● **EXTRACTED DATA**:
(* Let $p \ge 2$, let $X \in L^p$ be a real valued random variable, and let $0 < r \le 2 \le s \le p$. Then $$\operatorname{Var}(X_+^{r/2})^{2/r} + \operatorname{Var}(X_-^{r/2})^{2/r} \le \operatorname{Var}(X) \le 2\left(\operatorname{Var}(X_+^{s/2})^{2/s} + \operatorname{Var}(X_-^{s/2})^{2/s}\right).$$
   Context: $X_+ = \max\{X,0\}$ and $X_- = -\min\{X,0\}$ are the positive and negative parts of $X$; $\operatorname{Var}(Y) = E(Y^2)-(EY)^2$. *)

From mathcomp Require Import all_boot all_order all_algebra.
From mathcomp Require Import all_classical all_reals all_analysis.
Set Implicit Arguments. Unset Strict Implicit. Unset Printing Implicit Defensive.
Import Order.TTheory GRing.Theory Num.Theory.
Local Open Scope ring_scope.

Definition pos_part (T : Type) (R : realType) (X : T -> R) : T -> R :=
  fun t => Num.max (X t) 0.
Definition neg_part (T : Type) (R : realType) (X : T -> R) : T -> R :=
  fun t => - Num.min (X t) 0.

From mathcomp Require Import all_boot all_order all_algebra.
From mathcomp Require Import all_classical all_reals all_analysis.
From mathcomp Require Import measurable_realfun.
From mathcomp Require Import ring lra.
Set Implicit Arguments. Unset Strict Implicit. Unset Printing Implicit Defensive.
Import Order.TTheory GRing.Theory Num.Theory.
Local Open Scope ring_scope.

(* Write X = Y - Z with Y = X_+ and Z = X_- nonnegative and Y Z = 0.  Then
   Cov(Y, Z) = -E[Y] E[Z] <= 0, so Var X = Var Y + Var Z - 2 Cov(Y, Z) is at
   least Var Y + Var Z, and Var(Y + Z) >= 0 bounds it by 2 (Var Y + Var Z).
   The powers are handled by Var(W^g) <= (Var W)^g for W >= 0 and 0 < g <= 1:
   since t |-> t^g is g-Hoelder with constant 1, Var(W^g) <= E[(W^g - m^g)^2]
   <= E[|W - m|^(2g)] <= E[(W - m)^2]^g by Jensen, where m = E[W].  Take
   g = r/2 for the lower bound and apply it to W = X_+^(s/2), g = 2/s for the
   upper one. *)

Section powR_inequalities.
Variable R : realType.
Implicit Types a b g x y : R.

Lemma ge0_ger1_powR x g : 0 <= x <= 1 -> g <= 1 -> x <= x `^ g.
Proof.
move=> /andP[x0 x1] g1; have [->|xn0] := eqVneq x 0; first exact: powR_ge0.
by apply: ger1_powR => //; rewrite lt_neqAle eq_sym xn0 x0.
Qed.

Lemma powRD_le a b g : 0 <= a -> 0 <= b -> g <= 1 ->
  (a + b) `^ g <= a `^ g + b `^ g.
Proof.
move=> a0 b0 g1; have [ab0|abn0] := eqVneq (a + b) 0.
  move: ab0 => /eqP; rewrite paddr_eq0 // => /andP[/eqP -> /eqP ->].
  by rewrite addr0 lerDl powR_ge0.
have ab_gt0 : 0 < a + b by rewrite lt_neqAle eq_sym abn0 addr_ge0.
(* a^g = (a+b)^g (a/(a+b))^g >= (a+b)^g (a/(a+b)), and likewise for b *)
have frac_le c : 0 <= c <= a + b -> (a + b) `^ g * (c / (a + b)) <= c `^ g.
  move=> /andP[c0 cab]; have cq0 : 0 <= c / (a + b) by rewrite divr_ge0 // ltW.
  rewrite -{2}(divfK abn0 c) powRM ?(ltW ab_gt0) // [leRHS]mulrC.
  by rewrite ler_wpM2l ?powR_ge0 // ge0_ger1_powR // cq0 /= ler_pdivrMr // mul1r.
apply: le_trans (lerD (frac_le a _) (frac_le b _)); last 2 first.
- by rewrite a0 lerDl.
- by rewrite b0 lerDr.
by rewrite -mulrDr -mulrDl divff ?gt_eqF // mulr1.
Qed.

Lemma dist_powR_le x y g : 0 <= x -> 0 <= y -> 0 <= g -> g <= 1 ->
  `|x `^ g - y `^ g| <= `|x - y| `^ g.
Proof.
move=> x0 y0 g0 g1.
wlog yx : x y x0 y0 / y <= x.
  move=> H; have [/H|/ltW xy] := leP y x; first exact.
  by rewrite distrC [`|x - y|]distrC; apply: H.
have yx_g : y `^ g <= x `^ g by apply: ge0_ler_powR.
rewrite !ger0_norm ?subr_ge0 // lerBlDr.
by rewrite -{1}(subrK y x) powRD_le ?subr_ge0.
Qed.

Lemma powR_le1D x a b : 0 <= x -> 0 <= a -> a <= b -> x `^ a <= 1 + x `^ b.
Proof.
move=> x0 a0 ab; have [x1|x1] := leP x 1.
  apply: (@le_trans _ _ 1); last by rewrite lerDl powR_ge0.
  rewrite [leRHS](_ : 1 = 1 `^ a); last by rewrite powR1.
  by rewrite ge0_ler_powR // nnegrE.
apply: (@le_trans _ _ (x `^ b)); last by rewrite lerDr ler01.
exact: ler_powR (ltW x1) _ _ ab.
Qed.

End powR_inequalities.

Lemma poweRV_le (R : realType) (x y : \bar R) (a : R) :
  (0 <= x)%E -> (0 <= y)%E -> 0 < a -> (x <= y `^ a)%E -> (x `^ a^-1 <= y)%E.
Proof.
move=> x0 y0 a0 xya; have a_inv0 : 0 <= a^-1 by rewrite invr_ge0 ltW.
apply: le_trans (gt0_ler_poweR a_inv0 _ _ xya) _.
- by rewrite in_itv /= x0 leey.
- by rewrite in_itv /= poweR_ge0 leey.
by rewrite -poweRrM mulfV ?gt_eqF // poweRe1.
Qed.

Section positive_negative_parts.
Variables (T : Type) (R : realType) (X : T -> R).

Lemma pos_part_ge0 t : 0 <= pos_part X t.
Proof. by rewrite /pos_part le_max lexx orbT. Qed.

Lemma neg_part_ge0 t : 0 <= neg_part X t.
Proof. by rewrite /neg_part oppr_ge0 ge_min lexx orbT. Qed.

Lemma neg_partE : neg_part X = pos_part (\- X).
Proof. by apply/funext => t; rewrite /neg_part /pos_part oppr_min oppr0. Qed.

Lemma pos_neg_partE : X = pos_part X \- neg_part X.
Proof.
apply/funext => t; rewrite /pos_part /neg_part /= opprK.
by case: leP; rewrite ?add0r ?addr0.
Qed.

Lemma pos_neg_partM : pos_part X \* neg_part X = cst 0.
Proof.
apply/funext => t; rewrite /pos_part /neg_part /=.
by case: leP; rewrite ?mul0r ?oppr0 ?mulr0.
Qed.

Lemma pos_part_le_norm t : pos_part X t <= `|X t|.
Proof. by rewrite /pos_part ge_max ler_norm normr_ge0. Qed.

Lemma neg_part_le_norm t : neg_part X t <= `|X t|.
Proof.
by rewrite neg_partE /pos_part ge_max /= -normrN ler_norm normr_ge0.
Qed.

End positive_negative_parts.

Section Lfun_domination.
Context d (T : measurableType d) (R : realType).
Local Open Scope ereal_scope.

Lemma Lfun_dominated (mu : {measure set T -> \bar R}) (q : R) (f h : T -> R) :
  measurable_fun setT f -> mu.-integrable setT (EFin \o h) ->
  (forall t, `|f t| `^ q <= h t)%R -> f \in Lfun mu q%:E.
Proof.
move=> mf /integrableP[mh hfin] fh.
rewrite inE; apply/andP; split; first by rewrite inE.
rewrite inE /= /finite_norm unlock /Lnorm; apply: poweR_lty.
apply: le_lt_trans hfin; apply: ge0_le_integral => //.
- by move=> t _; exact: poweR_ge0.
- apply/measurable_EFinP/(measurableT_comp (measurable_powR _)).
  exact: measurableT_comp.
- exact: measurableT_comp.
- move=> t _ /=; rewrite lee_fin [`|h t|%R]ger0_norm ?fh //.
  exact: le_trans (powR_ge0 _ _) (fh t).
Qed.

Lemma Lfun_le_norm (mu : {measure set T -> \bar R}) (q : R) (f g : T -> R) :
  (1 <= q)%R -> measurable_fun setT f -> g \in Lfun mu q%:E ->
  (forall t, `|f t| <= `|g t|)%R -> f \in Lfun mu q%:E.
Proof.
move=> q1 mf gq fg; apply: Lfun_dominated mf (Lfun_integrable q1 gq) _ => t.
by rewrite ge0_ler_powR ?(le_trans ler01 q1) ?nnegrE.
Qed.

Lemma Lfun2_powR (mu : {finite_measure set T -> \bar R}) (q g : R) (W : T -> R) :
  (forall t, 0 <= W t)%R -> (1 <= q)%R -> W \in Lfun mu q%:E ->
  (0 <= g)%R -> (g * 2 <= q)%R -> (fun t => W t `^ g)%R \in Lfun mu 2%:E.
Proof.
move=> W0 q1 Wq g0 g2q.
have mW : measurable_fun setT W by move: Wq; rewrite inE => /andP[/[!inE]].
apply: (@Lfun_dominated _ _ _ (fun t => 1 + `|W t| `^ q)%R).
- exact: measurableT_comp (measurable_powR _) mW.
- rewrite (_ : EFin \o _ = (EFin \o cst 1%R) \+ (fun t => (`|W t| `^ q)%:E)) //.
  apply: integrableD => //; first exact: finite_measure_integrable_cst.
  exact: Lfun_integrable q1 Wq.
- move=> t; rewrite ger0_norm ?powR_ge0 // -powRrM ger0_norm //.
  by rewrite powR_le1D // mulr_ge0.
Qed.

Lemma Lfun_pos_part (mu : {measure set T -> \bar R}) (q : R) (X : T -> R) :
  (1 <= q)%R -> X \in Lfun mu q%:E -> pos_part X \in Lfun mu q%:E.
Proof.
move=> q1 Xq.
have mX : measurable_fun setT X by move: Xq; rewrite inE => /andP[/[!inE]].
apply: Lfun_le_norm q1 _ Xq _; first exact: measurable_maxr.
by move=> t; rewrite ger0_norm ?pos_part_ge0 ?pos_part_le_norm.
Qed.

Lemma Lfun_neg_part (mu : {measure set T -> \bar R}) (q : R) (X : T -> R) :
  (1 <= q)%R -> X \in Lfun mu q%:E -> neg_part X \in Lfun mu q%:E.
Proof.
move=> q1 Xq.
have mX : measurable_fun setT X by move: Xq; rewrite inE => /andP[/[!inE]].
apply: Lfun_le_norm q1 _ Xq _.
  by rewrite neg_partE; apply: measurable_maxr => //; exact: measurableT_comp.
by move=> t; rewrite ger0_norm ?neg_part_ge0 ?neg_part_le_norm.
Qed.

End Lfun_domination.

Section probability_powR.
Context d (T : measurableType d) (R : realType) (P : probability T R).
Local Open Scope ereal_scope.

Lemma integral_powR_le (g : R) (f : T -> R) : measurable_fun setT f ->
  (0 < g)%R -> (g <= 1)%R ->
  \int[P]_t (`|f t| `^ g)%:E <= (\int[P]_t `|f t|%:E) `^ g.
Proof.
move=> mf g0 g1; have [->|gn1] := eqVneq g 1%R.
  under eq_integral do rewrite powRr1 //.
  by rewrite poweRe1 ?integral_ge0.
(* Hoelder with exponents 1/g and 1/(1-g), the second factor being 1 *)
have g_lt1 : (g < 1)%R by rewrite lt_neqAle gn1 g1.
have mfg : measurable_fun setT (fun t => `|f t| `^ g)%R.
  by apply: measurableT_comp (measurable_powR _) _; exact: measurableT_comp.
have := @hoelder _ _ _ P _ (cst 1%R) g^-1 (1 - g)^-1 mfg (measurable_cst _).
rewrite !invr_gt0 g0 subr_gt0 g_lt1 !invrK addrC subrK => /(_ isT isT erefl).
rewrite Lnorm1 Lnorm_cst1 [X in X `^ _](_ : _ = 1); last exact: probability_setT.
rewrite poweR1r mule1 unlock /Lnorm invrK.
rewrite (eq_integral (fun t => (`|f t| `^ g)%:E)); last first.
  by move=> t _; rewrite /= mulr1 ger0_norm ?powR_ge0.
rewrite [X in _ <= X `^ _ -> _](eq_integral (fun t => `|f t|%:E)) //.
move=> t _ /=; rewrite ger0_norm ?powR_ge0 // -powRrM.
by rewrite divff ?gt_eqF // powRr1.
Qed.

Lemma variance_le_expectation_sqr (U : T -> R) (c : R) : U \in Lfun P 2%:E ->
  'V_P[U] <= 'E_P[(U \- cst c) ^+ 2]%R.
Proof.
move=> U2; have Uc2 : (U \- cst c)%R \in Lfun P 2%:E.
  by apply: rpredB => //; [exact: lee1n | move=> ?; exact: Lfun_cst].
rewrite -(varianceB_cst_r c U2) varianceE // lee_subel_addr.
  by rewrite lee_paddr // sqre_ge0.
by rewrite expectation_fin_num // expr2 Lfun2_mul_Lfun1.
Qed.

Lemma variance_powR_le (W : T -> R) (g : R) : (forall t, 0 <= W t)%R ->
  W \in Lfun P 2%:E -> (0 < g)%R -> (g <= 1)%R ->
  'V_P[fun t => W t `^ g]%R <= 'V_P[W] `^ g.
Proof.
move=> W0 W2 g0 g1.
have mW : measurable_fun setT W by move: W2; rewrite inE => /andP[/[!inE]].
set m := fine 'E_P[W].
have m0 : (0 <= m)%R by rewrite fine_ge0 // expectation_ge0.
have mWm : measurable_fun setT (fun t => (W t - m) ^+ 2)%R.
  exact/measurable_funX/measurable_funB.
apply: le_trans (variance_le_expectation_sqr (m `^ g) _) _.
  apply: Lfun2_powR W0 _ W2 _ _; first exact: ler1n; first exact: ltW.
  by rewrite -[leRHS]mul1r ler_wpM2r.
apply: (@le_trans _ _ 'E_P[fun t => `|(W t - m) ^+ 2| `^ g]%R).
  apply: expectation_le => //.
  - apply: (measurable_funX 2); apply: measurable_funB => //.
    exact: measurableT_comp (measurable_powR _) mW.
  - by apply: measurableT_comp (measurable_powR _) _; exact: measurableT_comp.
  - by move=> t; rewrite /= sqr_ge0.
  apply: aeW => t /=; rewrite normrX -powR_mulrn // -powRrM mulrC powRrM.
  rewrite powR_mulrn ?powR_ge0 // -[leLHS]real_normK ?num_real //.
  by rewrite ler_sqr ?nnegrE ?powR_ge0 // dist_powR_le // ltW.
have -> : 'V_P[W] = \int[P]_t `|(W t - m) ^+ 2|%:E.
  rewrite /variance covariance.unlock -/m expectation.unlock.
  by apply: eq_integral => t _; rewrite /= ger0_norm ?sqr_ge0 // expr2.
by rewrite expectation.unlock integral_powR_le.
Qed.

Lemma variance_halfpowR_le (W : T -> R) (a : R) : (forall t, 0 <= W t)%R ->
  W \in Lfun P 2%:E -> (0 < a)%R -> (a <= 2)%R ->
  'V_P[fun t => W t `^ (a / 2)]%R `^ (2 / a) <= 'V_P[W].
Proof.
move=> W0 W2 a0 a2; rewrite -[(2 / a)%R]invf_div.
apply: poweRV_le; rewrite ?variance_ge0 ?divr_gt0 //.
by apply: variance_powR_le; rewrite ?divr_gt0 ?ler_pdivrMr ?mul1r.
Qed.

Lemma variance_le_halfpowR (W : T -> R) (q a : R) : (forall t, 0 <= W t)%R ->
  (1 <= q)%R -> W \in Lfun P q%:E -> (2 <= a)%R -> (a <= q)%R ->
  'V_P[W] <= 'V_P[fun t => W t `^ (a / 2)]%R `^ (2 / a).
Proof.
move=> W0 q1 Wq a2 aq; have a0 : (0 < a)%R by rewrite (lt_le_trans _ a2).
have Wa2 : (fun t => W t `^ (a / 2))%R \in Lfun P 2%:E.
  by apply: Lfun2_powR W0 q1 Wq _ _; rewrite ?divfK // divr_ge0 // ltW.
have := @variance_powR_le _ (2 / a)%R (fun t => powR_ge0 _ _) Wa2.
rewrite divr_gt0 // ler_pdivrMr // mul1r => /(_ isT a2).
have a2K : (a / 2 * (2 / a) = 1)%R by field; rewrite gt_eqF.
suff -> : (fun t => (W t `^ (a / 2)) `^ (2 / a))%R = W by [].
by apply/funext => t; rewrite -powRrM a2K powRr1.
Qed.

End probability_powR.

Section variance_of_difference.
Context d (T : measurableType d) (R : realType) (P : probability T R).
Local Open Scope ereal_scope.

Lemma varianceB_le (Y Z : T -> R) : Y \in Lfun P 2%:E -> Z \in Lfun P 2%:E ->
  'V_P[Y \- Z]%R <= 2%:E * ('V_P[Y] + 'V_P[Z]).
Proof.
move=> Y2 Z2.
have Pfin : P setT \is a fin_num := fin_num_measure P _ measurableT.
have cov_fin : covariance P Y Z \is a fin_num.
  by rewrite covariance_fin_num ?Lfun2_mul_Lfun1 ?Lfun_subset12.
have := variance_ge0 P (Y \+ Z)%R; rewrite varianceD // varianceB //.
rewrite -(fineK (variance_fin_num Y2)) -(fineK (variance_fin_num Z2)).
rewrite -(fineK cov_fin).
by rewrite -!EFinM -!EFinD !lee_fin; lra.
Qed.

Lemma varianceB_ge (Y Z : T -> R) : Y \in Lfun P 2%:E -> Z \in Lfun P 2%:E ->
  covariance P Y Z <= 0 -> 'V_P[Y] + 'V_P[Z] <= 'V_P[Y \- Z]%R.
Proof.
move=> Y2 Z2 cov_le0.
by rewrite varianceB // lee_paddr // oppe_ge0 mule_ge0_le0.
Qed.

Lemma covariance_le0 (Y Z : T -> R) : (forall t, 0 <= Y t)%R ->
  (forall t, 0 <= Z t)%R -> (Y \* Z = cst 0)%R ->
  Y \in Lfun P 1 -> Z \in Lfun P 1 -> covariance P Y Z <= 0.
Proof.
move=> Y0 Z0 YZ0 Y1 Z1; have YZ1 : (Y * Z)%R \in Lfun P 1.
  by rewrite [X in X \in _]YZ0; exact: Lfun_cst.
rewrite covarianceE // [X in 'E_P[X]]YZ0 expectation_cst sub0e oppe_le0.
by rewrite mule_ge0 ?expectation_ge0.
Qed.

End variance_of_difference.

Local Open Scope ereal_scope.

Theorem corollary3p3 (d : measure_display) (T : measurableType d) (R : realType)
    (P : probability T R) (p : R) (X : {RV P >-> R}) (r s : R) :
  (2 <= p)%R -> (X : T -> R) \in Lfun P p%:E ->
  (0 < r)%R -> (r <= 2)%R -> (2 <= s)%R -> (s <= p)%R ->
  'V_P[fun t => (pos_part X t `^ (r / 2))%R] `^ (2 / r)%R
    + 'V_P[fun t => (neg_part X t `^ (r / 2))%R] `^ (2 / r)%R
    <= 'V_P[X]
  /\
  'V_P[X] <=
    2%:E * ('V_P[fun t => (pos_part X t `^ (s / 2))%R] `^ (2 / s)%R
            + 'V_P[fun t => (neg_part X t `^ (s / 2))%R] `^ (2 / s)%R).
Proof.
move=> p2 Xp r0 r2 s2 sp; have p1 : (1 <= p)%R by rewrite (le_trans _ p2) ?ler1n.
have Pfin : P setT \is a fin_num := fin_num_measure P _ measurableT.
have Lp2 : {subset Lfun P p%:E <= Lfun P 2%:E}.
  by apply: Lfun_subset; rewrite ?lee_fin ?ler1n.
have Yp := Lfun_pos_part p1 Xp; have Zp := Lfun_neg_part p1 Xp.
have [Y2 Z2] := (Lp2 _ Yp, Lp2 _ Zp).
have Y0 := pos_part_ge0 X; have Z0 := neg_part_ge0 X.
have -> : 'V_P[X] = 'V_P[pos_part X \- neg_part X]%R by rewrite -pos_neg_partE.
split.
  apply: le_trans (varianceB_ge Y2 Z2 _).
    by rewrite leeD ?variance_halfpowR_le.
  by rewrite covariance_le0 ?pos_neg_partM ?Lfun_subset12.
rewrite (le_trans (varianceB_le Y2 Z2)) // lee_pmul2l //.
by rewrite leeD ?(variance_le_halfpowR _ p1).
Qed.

● **WHAT YOU HAVE TO DO**:
The answer should be a number alone: the count of lines in the records that hold the word "powRrM".

● **ANSWER SPACE**:
4